The flotilla commander shook his hand again, then returned entranced to the map as he was handed back over the side to his little steam launch. He half-noticed that the tiny pennant at the rear was the checked black-and-white of the Land General Staff, then dismissed it.

“Helm,” he said. “Prepare to follow a course to my direction, dead slow. Signal to the flotilla, follow in line astern.”

A dim blue light just above the waterline snapped on at the very stern of the lead torpedo boat.

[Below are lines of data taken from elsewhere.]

(* Let $u$ be a fast decreasing distribution on $\mathbb R^D$ (acting on $\mathbb C[\boldsymbol x]$), $\mathcal Q_2\in\mathbb C[\boldsymbol x]$ with $Z(\mathcal Q_2)\cap\operatorname{supp}u=\varnothing$, and $\check u$ a linear functional on $\mathbb C[\boldsymbol x]$ with $\mathcal Q_2\check u=u$; assume $u,\check u$ quasi-definite, and let $R=\langle\check u,P(\boldsymbol x)\chi(\boldsymbol x)^\top\rangle$. Then for every $k\ge1$ $$\check P_{[k]}(\boldsymbol x)=\Theta_*\begin{pmatrix}R_{[0],[0]}&\cdots&R_{[0],[k-1]}&P_{[0]}(\boldsymbol x)\\ \vdots&&\vdots&\vdots\\ R_{[k],[0]}&\cdots&R_{[k],[k-1]}&P_{[k]}(\boldsymbol x)\end{pmatrix},\qquad \check H_{[k]}=\Theta_*\big(R^{[k+1]}\big).$$
   Context: $D\ge1$, $\boldsymbol x=(x_1,\dots,x_D)^\top$. $[k]=\{\boldsymbol\alpha\in\mathbb Z_+^D:|\boldsymbol\alpha|=k\}$; multi-indices ordered by graded lexicographic order; $\chi(\boldsymbol x)$ the semi-infinite vector of monomials in this order with blocks $\chi_{[k]}$; semi-infinite matrices partitioned in blocks $A_{[k],[l]}\in\mathbb C^{|[k]|\times|[l]|}$, $A^{[k]}$ the truncation to block rows/columns $0,\dots,k-1$. For a linear functional $u$ on $\mathbb C[\boldsymbol x]$ (applied entrywise), $\langle Qu,P\rangle:=\langle u,QP\rangle$; moment matrix $G=\langle u,\chi\chi^\top\rangle$; quasi-definite means $\det G^{[k]}\ne0$ for all $k$, giving $G=S^{-1}HS^{-\top}$ with $S$ block lower unitriangular and $H$ block diagonal with blocks $H_{[k]}$ (quasi-tau matrices); monic orthogonal polynomials $P(\boldsymbol x)=S\chi(\boldsymbol x)$ with blocks $P_{[k]}$. Checked symbols ($\check P_{[k]},\check H_{[k]}$) refer to $\check u$. Last quasi-determinant: for $M=\begin{pmatrix}A&B\\C&D\end{pmatrix}$ with $A$ square invertible (here the last block row and last block column are those displayed last), $\Theta_*(M)=D-CA^{-1}B$. *)

From HB Require Import structures.
From mathcomp Require Import all_boot all_order all_algebra.
From mathcomp Require Import reals.
From mathcomp Require Import complex.
From mathcomp Require Import mpoly.

Set Implicit Arguments.
Unset Strict Implicit.
Unset Printing Implicit Defensive.

Import Order.TTheory GRing.Theory Num.Theory.
Local Open Scope ring_scope.

Section MultiOP.
Variables (F : fieldType) (D : nat).

Fixpoint lexge (a b : seq nat) : bool :=
  match a, b with
  | x :: a', y :: b' => (y < x)%N || ((x == y) && lexge a' b')
  | _, _ => true
  end.

Definition mons (k : nat) : seq 'X_{1..D} :=
  sort (fun a b : 'X_{1..D} => lexge a b)
    [seq bmnm m | m <- enum {: 'X_{1..D < k.+1}} & mdeg (bmnm m) == k].

Definition bsz (k : nat) : nat := size (mons k).

Fixpoint dimt (n : nat) : nat :=
  match n with 0 => 0%N | n'.+1 => (dimt n' + bsz n')%N end.

Definition tidx (n : nat) : seq 'X_{1..D} := flatten [seq mons j | j <- iota 0 n].

Definition ti (n : nat) (i : nat) : 'X_{1..D} := nth 0%MM (tidx n) i.

Definition smx := 'X_{1..D} -> 'X_{1..D} -> F.

Definition trunc (A : smx) (n : nat) : 'M[F]_(dimt n) :=
  \matrix_(i, j) A (ti n i) (ti n j).

Definition blk (A : smx) (k : nat) : 'M[F]_(bsz k) :=
  \matrix_(i, j) A (nth 0%MM (mons k) i) (nth 0%MM (mons k) j).

Definition block_lower_unitriangular (S : smx) : Prop :=
  (forall a b : 'X_{1..D}, (mdeg a < mdeg b)%N -> S a b = 0) /\
  (forall a b : 'X_{1..D}, mdeg a = mdeg b -> S a b = (a == b)%:R).

Definition block_diagonal (H : smx) : Prop :=
  forall a b : 'X_{1..D}, mdeg a <> mdeg b -> H a b = 0.

Definition moment (u : {mpoly F[D]} -> F) : smx :=
  fun a b => u ('X_[a] * 'X_[b]).

Definition quasi_definite (u : {mpoly F[D]} -> F) : Prop :=
  forall n, \det (trunc (moment u) n) != 0.

Definition LDU_factorization (G S H : smx) : Prop :=
  [/\ block_lower_unitriangular S, block_diagonal H &
      forall n, trunc G n = invmx (trunc S n) *m trunc H n *m (invmx (trunc S n))^T].

Definition OP (S : smx) (a : 'X_{1..D}) : {mpoly F[D]} :=
  \sum_(b : 'X_{1..D < (mdeg a).+1}) (S a (bmnm b))%:MP * 'X_[bmnm b].

Definition OPblk (S : smx) (k : nat) : 'cV[{mpoly F[D]}]_(bsz k) :=
  \col_i OP S (nth 0%MM (mons k) i).

Definition Rmat (uc : {mpoly F[D]} -> F) (S : smx) : smx :=
  fun a b => uc (OP S a * 'X_[b]).

End MultiOP.

(* last quasi-determinant Theta_*(M) = D - C A^{-1} B for
   M = [[A, B], [C, D]] with A square (m x m) *)
Definition qdet (T : comUnitRingType) (m n q : nat) (M : 'M[T]_(m + n, m + q))
  : 'M[T]_(n, q) :=
  drsubmx M - dlsubmx M *m invmx (ulsubmx M) *m ursubmx M.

The man at the wheel spat overside and wiped first one hand, then the other on his duck trousers. The commander ducked his head through a hole in the coaming, into the stuffy darkness of the engine compartment. The petty officer in charge and his two ratings crouched by the big internal-combustion motors like acolytes worshiping some god of iron and brass, tools and oil can at the ready. They’d spent the past week going over every part and link and piece of the motor train as if their lives depended on it. Which, of course, they did.

“Ready?”

“Ready as we’ll ever be, sir.”

He pulled himself back up and looked at the stars. One moon full, the other half, a little scattered cloud, dead calm with only the inevitable southern ocean swell. Inside the breakwaters of the harbor it would be as calm as a bathtub. He looked at the map again, noting the markings on currents.

“Three knots,” he said quietly to the helm. “Come about twelve degrees and maintain for four minutes. Carefully now. It’s a tight fit.”

“Tight as a cabin boy’s bum, sir,” the helmsman agreed, and let out the throttle inch by careful inch.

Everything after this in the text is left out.